#### DATASET EXCERPTS
══════════════════════════════
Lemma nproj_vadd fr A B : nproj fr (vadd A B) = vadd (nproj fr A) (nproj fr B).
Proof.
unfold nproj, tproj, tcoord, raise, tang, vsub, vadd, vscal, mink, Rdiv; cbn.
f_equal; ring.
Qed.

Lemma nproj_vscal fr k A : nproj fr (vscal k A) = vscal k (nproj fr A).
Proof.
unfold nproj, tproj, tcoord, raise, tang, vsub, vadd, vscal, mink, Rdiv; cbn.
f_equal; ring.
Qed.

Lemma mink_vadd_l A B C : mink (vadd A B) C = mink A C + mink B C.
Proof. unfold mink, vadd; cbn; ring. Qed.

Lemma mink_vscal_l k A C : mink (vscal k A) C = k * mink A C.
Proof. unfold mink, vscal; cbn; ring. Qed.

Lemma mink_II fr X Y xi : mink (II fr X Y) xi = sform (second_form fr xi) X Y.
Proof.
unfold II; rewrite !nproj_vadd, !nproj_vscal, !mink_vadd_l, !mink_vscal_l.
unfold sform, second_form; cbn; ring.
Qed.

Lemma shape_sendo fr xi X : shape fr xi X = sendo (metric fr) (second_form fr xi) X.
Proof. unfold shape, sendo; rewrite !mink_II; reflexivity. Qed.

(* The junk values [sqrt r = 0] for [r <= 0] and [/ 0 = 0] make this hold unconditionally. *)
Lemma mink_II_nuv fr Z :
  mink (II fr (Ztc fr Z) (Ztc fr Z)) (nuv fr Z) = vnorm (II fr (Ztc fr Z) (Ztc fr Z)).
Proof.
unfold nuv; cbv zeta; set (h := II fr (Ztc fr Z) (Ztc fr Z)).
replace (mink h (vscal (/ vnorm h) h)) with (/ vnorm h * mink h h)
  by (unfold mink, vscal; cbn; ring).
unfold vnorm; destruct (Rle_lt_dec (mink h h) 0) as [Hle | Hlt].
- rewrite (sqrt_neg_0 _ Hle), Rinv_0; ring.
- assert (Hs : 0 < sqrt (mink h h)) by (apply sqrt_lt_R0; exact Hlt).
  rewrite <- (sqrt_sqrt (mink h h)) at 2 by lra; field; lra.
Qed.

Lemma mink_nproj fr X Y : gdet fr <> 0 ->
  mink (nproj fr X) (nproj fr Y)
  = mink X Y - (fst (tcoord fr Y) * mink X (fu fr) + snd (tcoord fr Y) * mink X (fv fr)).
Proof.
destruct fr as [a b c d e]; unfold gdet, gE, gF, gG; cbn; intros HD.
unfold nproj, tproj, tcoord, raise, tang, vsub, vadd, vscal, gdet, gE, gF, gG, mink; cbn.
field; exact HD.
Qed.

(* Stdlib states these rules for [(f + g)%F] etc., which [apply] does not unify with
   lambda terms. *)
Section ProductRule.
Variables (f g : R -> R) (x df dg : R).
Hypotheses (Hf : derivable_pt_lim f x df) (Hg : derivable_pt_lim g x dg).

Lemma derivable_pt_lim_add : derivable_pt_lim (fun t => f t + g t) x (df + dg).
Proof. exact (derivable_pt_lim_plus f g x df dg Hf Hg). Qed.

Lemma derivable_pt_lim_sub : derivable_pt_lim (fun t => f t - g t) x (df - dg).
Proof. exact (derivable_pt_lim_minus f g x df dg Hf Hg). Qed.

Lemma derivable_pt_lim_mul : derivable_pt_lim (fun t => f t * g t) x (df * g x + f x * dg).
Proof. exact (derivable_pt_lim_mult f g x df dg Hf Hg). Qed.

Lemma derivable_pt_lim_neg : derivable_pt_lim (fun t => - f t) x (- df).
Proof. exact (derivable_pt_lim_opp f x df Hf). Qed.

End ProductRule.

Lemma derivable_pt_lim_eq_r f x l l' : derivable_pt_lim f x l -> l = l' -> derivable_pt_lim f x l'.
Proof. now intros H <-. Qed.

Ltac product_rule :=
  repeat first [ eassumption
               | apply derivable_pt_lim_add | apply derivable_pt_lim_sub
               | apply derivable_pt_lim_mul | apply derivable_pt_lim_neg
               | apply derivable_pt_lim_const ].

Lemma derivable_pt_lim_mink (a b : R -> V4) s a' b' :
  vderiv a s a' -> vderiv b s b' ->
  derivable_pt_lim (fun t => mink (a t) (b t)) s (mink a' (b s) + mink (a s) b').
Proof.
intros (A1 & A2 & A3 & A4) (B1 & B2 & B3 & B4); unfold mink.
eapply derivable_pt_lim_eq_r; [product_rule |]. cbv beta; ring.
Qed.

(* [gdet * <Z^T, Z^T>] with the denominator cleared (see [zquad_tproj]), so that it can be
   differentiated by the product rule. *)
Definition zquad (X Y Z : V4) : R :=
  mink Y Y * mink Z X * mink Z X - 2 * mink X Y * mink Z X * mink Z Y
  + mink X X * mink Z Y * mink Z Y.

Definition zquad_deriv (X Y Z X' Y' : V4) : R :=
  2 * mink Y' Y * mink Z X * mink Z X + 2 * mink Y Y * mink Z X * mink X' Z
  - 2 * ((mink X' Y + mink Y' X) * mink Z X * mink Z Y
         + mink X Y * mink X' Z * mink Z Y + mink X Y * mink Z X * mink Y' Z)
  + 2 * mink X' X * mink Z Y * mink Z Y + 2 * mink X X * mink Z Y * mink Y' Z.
══════════════════════════════
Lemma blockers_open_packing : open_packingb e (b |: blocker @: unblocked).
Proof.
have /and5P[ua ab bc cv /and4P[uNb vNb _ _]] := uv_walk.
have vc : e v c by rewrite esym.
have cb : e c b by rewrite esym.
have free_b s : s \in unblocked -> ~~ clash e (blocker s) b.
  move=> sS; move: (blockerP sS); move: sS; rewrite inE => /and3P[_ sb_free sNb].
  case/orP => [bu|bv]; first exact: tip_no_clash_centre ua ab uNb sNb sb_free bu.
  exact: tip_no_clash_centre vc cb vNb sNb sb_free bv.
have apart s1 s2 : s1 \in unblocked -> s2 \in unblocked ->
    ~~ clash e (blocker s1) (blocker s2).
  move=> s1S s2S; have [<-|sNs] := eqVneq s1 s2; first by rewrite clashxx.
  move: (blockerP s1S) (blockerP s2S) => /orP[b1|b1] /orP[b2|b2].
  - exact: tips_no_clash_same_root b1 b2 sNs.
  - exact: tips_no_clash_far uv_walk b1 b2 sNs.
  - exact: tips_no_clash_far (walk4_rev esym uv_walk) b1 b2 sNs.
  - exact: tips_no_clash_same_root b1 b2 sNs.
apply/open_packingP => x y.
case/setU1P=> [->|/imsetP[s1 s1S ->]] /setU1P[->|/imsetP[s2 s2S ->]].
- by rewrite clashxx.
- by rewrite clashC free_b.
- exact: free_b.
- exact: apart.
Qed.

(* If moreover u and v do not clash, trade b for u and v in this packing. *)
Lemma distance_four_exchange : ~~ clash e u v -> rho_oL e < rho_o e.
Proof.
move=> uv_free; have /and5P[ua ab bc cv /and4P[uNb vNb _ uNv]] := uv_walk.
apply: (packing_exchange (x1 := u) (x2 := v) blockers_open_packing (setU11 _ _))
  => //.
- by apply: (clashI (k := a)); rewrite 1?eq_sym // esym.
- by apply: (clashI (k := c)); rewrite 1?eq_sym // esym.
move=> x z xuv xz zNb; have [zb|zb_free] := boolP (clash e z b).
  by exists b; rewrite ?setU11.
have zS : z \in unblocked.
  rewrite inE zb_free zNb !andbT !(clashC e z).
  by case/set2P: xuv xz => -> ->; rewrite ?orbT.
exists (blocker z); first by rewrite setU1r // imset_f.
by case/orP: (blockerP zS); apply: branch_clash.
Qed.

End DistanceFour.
══════════════════════════════
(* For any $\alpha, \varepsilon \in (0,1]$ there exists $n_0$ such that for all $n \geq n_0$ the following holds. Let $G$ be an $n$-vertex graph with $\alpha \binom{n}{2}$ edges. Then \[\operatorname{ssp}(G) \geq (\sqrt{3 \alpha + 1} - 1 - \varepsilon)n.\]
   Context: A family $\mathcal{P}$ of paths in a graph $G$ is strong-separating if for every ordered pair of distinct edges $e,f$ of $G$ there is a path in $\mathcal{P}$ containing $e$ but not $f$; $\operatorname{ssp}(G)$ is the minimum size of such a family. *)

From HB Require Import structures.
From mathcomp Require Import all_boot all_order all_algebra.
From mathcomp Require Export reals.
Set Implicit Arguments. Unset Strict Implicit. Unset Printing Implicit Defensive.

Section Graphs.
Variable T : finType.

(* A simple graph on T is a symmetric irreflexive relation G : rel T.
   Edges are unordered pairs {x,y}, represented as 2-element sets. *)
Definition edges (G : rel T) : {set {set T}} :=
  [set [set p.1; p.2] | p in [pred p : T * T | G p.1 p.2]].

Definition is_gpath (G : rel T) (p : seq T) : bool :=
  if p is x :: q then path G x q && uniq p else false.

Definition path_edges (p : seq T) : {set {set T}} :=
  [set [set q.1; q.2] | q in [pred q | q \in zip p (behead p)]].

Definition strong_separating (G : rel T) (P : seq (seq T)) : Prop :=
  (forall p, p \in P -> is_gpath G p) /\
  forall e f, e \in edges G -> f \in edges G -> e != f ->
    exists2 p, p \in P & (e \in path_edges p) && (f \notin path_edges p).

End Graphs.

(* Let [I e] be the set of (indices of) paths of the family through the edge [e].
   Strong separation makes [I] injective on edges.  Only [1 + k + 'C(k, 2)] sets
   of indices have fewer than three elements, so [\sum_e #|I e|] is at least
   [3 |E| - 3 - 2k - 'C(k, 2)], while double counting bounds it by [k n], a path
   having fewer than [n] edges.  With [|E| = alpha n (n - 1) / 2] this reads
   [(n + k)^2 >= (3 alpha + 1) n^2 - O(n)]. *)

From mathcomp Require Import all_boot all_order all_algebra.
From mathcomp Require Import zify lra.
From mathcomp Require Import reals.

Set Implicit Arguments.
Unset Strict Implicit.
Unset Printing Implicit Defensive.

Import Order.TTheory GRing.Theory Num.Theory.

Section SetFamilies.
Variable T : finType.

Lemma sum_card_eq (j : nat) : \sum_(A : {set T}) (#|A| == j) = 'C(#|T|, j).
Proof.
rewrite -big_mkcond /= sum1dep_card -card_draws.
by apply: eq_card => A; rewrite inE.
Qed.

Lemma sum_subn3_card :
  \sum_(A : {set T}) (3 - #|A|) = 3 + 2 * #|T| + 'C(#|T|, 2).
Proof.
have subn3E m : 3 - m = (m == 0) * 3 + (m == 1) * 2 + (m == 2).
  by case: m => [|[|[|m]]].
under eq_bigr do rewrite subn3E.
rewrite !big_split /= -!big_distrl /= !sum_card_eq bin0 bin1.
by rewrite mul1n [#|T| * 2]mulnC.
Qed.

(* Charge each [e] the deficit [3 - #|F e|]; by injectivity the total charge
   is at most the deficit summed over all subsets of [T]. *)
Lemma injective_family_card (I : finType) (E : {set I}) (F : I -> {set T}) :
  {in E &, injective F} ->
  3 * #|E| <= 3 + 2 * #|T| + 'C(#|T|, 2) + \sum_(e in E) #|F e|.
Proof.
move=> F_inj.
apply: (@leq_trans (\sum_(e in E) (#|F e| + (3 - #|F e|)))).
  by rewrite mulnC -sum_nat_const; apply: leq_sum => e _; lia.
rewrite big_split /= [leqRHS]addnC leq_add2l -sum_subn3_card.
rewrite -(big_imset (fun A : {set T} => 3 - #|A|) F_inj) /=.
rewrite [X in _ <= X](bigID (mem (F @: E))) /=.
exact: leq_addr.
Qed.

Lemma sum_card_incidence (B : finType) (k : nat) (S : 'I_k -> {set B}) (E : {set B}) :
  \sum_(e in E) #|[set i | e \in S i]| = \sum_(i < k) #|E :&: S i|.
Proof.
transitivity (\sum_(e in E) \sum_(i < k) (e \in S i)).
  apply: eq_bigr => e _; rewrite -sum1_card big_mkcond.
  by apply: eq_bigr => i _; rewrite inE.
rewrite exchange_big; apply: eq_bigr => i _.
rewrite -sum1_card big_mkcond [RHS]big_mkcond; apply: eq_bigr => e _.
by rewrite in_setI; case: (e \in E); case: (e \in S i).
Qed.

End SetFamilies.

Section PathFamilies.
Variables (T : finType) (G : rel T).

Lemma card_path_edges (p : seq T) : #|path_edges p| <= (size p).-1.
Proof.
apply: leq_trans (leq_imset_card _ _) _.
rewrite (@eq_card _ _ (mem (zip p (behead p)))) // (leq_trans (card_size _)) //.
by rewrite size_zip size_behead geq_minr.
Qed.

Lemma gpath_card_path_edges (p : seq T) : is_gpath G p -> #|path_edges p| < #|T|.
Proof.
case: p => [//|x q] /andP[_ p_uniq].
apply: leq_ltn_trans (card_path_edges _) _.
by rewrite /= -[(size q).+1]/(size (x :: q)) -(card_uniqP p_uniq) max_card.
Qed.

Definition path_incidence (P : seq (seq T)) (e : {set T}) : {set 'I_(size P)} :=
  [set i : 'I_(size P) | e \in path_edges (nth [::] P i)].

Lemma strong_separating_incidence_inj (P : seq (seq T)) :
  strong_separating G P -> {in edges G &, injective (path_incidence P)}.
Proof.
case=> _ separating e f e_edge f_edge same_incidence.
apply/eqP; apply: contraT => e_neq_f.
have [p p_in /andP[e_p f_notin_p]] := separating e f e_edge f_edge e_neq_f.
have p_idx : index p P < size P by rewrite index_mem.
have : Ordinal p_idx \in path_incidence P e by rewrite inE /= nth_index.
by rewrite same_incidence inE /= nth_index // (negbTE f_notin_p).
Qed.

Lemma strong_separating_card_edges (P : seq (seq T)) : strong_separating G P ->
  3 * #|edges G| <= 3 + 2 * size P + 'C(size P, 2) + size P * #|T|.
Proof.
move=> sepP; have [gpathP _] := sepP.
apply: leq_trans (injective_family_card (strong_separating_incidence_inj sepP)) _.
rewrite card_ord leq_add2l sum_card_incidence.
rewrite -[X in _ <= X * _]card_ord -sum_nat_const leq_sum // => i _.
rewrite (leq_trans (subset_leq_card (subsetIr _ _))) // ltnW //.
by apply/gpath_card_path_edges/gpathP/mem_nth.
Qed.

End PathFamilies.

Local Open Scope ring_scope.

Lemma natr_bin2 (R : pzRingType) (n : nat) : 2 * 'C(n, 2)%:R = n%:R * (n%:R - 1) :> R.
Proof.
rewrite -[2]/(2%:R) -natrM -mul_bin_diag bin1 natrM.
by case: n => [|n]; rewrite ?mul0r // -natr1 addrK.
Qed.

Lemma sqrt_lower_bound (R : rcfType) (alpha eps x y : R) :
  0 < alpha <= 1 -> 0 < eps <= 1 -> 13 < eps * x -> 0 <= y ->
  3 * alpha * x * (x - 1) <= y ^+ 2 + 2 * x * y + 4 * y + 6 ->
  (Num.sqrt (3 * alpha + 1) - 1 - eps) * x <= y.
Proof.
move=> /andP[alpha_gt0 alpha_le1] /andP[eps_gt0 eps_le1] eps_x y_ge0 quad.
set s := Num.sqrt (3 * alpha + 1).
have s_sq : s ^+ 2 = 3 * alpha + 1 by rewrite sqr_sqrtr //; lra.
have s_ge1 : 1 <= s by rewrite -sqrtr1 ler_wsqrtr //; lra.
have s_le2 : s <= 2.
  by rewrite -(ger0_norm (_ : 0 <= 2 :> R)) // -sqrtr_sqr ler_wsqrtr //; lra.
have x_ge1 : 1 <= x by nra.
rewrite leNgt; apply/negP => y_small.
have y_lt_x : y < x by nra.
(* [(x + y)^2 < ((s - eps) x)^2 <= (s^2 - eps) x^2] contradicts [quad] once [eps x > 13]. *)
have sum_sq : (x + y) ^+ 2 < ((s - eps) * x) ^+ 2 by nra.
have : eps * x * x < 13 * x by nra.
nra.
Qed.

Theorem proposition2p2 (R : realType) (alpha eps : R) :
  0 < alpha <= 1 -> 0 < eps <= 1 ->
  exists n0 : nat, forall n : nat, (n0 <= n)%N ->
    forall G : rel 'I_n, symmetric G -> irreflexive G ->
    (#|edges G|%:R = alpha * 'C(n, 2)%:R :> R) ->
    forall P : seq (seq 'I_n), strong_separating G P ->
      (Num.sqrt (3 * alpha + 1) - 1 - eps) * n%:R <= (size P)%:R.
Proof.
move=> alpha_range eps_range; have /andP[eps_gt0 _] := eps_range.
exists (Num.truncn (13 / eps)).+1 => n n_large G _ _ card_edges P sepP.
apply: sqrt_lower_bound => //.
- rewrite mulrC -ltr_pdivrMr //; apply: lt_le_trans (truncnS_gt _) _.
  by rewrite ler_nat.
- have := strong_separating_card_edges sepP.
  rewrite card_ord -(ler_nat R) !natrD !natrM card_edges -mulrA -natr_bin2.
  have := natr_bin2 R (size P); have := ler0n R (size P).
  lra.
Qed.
══════════════════════════════
Within the data above, how many lines contain "unblocked"? Respond with the tally alone.

4